De boskikker leeft in de Verenigde Staten en Canada, tot helemaal in Alaska en Yukon. In het noordelijkste deel van hun leefgebied krijgen deze amfibieën regelmatig te maken met temperaturen die kunnen dalen tot wel –45 graden Celsius. Omdat kikkers koudbloedig zijn, verandert hun lichaamstemperatuur mee met de omgeving. Maar hoe blijven ze dan warm in zulke ijzige omstandigheden?
Waar de meeste kikkers in noordelijke gebieden de winter overleven door diep onder water in meren en beken te overwinteren, hebben boskikkers zich aangepast om te overwinteren tussen het bladerdek op de bosbodem. De bladeren, samen met een laag sneeuw, bieden wat isolatie, maar lang niet genoeg. Daarom doen boskikkers iets bijzonders: ze houden zichzelf niet warm, ze vriezen zichzelf gewoon in.

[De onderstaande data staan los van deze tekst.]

Arguments idm {_} X.
Arguments comp {_ X Y Z} g f.
Arguments tens {_} X Y.
Arguments tensm {_ X X' Y Y'} f g.
Arguments with_ {_} X Y.
Arguments pr1 {_} X Y.
Arguments pr2 {_} X Y.
Arguments pair {_ Z X Y} f g.
Arguments bang {_} X.
Arguments bangm {_ X Y} f.
Arguments der {_} X.
Arguments dig {_} X.
Arguments m2 {_} X Y.
Arguments m2_inv {_} X Y.
Arguments zero {_} X Y.
Arguments S {_} X.
Arguments Sm {_ X Y} f.
Arguments pi0 {_} X.
Arguments pi1 {_} X.
Arguments sigma {_} X.
Arguments dd {_} X.

Unset Implicit Arguments.
Section Derived.
Variable C : CDRC.

Definition shift (X : nat -> Ob C) : nat -> Ob C := fun k => X (Datatypes.S k).

Fixpoint withn (n : nat) (X : nat -> Ob C) : Ob C :=
  match n with
  | 0 => X 0
  | Datatypes.S n' => with_ (X 0) (withn n' (shift X))
  end.

Fixpoint tensn (n : nat) (X : nat -> Ob C) : Ob C :=
  match n with
  | 0 => X 0
  | Datatypes.S n' => tens (X 0) (tensn n' (shift X))
  end.

(* i-th projection p_i of the n-ary product (meaningful for i <= n;
   for i > n it is, by convention, the zero morphism and is never used) *)
Fixpoint projn (n : nat) (X : nat -> Ob C) (i : nat) {struct n} : Hom C (withn n X) (X i) :=
  match n as n0 return Hom C (withn n0 X) (X i) with
  | 0 => match i as i0 return Hom C (X 0) (X i0) with
         | 0 => idm (X 0)
         | Datatypes.S _ => zero _ _
         end
  | Datatypes.S n' =>
      match i as i0 return Hom C (with_ (X 0) (withn n' (shift X))) (X i0) with
      | 0 => pr1 _ _
      | Datatypes.S k => comp (projn n' (shift X) k) (pr2 _ _)
      end
  end.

Wat betekent dit precies? Voor de meeste dieren zou bevriezen leiden tot gescheurde bloedvaten en het stoppen van de zuurstofcirculatie. Maar boskikkers hebben zich zo ontwikkeld dat ze tot wel acht maanden per jaar bevroren kunnen blijven. In de eerste weken vult ijs hun buikholte en vormt het zich tussen de lagen huid en spier. Terwijl dit gebeurt, maakt de lever grote hoeveelheden glucose aan. Dat voorkomt dat hun cellen bevriezen en bindt watermoleculen zodat de kikker niet uitdroogt. Zo kan ijs zich vormen rond hun organen en cellen, terwijl de binnenkant van de cellen beschermd blijft.
Tijdens hun winterslaap hebben boskikkers geen hartslag en ademen ze niet. In het voorjaar, zodra ze ontdooien, begint hun hart weer te kloppen. Dankzij deze bijzondere eigenschap worden ze veel eerder actief dan andere kikkers en kunnen ze zich voortplanten in pas gesmolten plassen—plassen die al verdwenen zouden zijn als ze later uit hun winterslaap kwamen.
Merriams kangoeroegoffer leeft in de droge woestijnen van het westen van Noord-Amerika, waar nauwelijks water te vinden is. Deze kleine zoogdieren hebben zich zo ontwikkeld dat ze vooral mesquitebonen en graszaden eten. Dat voedsel levert bijna al het water dat ze nodig hebben, al bevat één gram zaad maar een halve gram water.
Daardoor produceren de nieren van kangoeroegoffers een urine die veel minder vocht bevat dan die van andere zoogdieren. Zo besparen ze water voor momenten waarop ze het het hardst nodig hebben, vooral in de hete, droge zomermaanden. In de zomer eten ze soms ook insecten en planten om extra vocht binnen te krijgen.

Om koel te blijven en hun voedselvoorraad op te slaan, graven kangoeroegoffers holen in de grond. De zaden die ondergronds worden bewaard, nemen vocht op uit de bodem.
Naast deze opvallende eigenschap hebben kangoeroegoffers zich ontwikkeld tot ware springers: ze kunnen tot wel 2,7 meter de lucht in springen. Daarmee weten ze roofdieren zoals uilen en slangen te ontwijken.
Omdat kogelvissen langzaam zwemmen, is het moeilijk voor ze om aan hun roofdieren te ontsnappen, waaronder sommige haaiensoorten. Om dat te compenseren kunnen kogelvissen hun maag vullen met water – niet met lucht – zodra ze zich bedreigd voelen. Daardoor zwelt hun hele lichaam op tot wel twee keer hun oorspronkelijke grootte.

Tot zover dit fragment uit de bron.